「QOLとマーケティング」 高橋 昭夫 2008年 同友館

QOL(クオリティ-オブ-ライフ)をマーケティングするための研究書 … なんですが、とんでもない本を読んでしまいました。ここまで、出鱈目の限りを尽くした本に出会ったことはありません。日本の人文系の研究者のあまりの水準の低さにあきれるばかりです。


「QOLの多義性は、質という概念自体が多義的であることに由来する」「マーケティング戦略論や諸費者行動論では、品質の主観的側面である知覚品質が重要視されている」「(生活)満足は認知的なプロセスである」などの常識的な知見については問題はありません。

問題はこの本の中心をなす職務満足と家庭(生活)満足、そして生活(全体)満足の関係についての実証研究です。ここからは、皆さんもひっくり返らないように、心静かにお読みください。

この研究のための調査は、其々の満足を説明する項目を設定し、それらについて5点尺度で回答を求めています。調査業界では、本質的には序数であるSD法尺度について、乗法性は無いが加法性は有る(等間隔尺度と見做すことができる)ということになっていますが、それが出鱈目であることは数理に明るい人間なら誰でも理解しています。学生時代にSD法尺度の加法性についての議論を横目で見ていましたが …、便宜的にでも、SD法尺度に加法性を認めないと、調査業界が困るので必死になって誤魔化した、というようにしか理解できませんでした。ともかく、この調査では『足せない』尺度で調査をしたということは厳然たる事実です。

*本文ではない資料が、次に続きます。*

(* Let $w:\{0,1\}^L\to\mathbb{R}_{\ge 0}$ be a generic fitness landscape inducing the standard staircase triangulation. (i) If the zero-string $0\cdots0$ is a local fitness minimum (all its Hamming neighbours have higher fitness), then it is the global minimum and every edge of the fitness graph is directed toward the endpoint with more $1$'s. (ii) If at most one of the $L$ Hamming neighbours of the zero-string has lower fitness than the zero-string, then the landscape has exactly one peak, and this peak is at Hamming distance at most $1$ from the one-string $1\cdots1$.
   Context: Genotypes are elements of $\{0,1\}^L$, identified with vertices of $[0,1]^L$. The triangulation induced by $w$ is the regular subdivision of $[0,1]^L$ obtained by projecting the upper faces of $\mathrm{conv}\{(g,w_g)\}\subset\mathbb{R}^{L+1}$; $w$ is generic if all $w_g$ are distinct and this subdivision is a triangulation. The fitness graph directs each cube edge toward the genotype of higher fitness; a peak is a genotype all of whose Hamming neighbours have strictly lower fitness. The standard staircase triangulation consists of the $L!$ simplices formed by the genotypes along a walk from $0\cdots0$ to $1\cdots1$ in which each step changes one $0$ into a $1$. *)

From mathcomp Require Import all_boot all_order all_algebra all_fingroup.
From mathcomp Require Import reals.
Set Implicit Arguments. Unset Strict Implicit. Unset Printing Implicit Defensive.
Import Order.TTheory GRing.Theory Num.Theory.
Local Open Scope ring_scope.

Definition genotype (L : nat) := {ffun 'I_L -> bool}.

Definition coord {R : realType} {L : nat} (g : genotype L) (i : 'I_L) : R :=
  (g i : nat)%:R.

Definition aff {R : realType} {L : nat} (c : R) (a : 'I_L -> R) (g : genotype L) : R :=
  c + \sum_(i < L) a i * coord g i.

(* A maximal cell of the regular subdivision of [0,1]^L induced by w via the
   UPPER faces of conv{(g, w_g)}: its vertex set F is the set of genotypes whose
   lifts lie on a non-vertical supporting hyperplane (graph of an affine function
   h with h = w on F and h > w off F), and F is full-dimensional (affinely spans
   R^L: the only affine function vanishing on F is the zero function). *)
Definition upper_cell {R : realType} {L : nat} (w : genotype L -> R)
    (F : {set genotype L}) : Prop :=
  (exists (c : R) (a : 'I_L -> R),
      (forall g, g \in F -> aff c a g = w g) /\
      (forall g, g \notin F -> w g < aff c a g)) /\
  (forall (c : R) (a : 'I_L -> R),
      (forall g, g \in F -> aff c a g = 0) -> c = 0 /\ forall i, a i = 0).

(* The k-th vertex of the staircase walk given by the permutation s:
   the coordinates s 0, ..., s (k-1) are set to 1. *)
Definition stair_vertex {L : nat} (s : {perm 'I_L}) (k : nat) : genotype L :=
  [ffun i => (s^-1)%g i < k]%N.

Definition stair_simplex {L : nat} (s : {perm 'I_L}) : {set genotype L} :=
  [set stair_vertex s (val k) | k : 'I_L.+1].

Definition is_stair_simplex {L : nat} (F : {set genotype L}) : Prop :=
  exists s : {perm 'I_L}, F = stair_simplex s.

そういう『足せない』説明変数を、この研究では主因子法-バリマックス回転の因子分析を行い、得られた因子得点を独立変数としたステップワイズ法による重回帰分析をSPSSで行っています。反吐が出るぐらい非科学的なやり方です。これが日本の大学教授の水準です。慌てふためき、驚き呆れ、ただ呆然と立ち尽くすのみです。生禿も、大学の先生の端くれになる者です。気をつけねばなりません。

調査した職務満足と家庭満足は、上述のように『足せない』のですが、たとえ加法性があったとしても正規分布を為していませんので、相関係数をとるのは不適切なのです。つまり、50譲って、100歩下がっても、出鱈目の限りを尽くしていることは明らかです。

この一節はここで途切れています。